WHAT IS EXPECTED
Look through the records below for the line holding "d phi'' - a". Write it out exactly, with each following line through the line holding "Definition solves_eig (d".

-------- INPUT

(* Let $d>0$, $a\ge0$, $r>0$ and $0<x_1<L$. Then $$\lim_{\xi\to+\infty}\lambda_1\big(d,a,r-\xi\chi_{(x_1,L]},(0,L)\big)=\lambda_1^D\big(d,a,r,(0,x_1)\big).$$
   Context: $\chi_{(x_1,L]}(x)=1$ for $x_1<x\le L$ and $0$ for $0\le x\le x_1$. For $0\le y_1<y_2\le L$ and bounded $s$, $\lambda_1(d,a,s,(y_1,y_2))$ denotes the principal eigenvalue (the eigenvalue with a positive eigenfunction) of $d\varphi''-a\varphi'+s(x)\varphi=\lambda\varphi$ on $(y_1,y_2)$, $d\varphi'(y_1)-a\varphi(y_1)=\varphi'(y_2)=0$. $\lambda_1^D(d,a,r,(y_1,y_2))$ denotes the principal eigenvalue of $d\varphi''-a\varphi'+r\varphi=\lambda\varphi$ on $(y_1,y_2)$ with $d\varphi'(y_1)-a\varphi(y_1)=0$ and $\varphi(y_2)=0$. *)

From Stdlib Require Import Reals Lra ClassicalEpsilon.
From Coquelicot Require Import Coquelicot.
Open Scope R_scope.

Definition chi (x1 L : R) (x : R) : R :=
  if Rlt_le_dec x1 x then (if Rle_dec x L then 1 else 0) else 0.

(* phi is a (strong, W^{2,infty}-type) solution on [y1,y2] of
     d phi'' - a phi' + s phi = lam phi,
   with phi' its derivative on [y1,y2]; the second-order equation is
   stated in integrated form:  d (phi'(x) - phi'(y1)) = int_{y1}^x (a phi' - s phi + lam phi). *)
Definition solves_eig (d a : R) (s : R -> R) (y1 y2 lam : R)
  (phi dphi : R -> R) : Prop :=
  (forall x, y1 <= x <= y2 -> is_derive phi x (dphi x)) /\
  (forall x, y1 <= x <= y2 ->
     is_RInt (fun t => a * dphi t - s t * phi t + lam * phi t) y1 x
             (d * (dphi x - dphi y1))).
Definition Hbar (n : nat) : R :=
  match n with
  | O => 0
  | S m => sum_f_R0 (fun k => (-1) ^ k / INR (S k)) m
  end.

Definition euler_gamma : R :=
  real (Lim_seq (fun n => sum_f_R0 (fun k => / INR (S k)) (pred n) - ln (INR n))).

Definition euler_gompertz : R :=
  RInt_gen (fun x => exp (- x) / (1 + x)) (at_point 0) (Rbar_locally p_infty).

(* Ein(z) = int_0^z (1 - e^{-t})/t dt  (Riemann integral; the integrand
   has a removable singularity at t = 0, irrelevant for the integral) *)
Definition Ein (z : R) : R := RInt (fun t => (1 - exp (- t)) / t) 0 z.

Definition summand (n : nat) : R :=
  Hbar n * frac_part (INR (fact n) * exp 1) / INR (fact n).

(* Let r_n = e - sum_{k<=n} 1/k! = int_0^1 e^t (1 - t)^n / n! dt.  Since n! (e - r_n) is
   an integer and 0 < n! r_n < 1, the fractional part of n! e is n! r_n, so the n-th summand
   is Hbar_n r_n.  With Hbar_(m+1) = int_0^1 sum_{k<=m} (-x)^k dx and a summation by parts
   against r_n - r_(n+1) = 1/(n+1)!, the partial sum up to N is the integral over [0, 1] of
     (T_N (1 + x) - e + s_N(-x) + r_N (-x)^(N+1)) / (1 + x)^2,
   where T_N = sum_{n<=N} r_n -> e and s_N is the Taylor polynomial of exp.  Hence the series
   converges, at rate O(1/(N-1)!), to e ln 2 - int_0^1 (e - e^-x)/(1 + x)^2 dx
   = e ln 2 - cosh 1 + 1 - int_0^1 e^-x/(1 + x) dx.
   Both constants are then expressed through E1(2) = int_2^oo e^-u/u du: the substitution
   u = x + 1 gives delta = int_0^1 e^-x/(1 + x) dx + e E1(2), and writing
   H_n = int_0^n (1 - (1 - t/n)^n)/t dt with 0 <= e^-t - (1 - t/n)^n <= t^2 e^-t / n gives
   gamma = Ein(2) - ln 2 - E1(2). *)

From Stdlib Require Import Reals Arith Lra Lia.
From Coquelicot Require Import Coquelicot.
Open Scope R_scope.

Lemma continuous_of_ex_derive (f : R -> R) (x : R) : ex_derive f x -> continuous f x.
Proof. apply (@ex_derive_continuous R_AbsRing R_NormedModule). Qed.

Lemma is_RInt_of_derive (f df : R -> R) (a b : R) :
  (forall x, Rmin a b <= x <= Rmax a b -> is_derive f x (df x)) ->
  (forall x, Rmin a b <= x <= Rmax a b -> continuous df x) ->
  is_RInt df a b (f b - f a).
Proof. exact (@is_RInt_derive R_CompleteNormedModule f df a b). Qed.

----------------

RESULT BELOW
     d phi'' - a phi' + s phi = lam phi,
   with phi' its derivative on [y1,y2]; the second-order equation is
   stated in integrated form:  d (phi'(x) - phi'(y1)) = int_{y1}^x (a phi' - s phi + lam phi). *)
Definition solves_eig (d a : R) (s : R -> R) (y1 y2 lam : R)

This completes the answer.